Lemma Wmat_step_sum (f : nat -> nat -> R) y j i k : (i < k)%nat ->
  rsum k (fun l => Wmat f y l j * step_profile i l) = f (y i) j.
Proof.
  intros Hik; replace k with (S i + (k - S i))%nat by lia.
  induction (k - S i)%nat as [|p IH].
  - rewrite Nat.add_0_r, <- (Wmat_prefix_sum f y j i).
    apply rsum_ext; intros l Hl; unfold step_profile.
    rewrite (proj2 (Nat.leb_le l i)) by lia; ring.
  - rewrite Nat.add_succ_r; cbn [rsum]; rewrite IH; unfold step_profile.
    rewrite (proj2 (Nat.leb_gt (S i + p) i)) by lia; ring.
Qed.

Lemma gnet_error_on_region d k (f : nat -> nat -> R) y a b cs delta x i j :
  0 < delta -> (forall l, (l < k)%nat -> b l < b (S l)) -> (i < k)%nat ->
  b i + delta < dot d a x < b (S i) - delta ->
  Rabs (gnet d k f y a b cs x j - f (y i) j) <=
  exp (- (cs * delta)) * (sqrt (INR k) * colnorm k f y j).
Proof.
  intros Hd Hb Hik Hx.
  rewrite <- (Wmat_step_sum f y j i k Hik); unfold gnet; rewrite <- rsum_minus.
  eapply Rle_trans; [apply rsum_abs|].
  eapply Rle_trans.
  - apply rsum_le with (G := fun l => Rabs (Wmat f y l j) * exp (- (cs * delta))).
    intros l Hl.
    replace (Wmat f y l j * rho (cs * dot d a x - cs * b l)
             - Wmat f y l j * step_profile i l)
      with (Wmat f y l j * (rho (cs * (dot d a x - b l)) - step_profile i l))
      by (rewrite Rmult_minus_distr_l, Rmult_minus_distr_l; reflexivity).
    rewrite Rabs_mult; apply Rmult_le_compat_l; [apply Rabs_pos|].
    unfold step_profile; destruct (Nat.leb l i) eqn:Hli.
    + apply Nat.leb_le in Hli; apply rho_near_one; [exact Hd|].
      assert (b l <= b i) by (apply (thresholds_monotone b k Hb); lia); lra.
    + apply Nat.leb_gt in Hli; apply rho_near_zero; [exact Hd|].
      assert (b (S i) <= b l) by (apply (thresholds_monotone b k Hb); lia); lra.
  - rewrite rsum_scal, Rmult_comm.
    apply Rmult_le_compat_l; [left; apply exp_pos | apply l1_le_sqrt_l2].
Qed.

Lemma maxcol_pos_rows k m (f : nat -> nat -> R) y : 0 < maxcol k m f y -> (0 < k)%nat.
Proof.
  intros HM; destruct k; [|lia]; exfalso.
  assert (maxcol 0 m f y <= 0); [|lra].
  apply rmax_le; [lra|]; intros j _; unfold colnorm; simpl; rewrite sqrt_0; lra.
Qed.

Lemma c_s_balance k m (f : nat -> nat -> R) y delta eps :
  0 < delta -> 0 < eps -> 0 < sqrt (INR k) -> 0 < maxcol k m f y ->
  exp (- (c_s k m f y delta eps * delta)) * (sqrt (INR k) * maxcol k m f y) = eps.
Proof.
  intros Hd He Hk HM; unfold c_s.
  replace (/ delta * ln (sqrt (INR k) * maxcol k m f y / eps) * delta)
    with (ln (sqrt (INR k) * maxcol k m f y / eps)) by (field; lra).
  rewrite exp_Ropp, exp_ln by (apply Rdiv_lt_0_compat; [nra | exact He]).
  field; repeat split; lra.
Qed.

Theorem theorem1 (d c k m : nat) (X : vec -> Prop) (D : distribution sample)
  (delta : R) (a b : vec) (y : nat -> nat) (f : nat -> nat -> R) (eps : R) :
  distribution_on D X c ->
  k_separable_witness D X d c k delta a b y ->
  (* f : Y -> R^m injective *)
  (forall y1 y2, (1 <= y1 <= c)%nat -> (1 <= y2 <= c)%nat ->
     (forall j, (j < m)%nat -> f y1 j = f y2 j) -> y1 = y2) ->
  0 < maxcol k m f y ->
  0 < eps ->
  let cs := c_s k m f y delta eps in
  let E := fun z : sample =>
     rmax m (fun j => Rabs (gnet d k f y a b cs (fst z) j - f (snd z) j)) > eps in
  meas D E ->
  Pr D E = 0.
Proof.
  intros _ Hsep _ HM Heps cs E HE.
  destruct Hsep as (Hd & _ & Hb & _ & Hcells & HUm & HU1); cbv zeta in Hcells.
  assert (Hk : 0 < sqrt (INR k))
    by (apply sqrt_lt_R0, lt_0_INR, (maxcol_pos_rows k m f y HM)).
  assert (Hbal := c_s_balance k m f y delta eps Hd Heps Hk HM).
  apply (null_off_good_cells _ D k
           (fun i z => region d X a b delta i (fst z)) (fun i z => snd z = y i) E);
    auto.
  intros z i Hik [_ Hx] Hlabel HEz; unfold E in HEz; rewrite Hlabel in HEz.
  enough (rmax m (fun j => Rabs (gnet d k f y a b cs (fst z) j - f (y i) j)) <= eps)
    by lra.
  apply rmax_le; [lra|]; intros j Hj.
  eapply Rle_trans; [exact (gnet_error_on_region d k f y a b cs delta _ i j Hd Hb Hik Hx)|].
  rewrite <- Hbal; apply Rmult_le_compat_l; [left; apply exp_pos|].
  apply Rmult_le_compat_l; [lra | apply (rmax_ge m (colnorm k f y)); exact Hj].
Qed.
● ● ● ●
_TASK PROMPT_
Your answer should be the line with "assert (Hbal := c_s_balance" and all lines after it in the listing above, repeated exactly. No other lines belong.

_YOUR SOLUTION_
  assert (Hbal := c_s_balance k m f y delta eps Hd Heps Hk HM).
  apply (null_off_good_cells _ D k
           (fun i z => region d X a b delta i (fst z)) (fun i z => snd z = y i) E);
    auto.
  intros z i Hik [_ Hx] Hlabel HEz; unfold E in HEz; rewrite Hlabel in HEz.
  enough (rmax m (fun j => Rabs (gnet d k f y a b cs (fst z) j - f (y i) j)) <= eps)
    by lra.
  apply rmax_le; [lra|]; intros j Hj.
  eapply Rle_trans; [exact (gnet_error_on_region d k f y a b cs delta _ i j Hd Hb Hik Hx)|].
  rewrite <- Hbal; apply Rmult_le_compat_l; [left; apply exp_pos|].
  apply Rmult_le_compat_l; [lra | apply (rmax_ge m (colnorm k f y)); exact Hj].
Qed.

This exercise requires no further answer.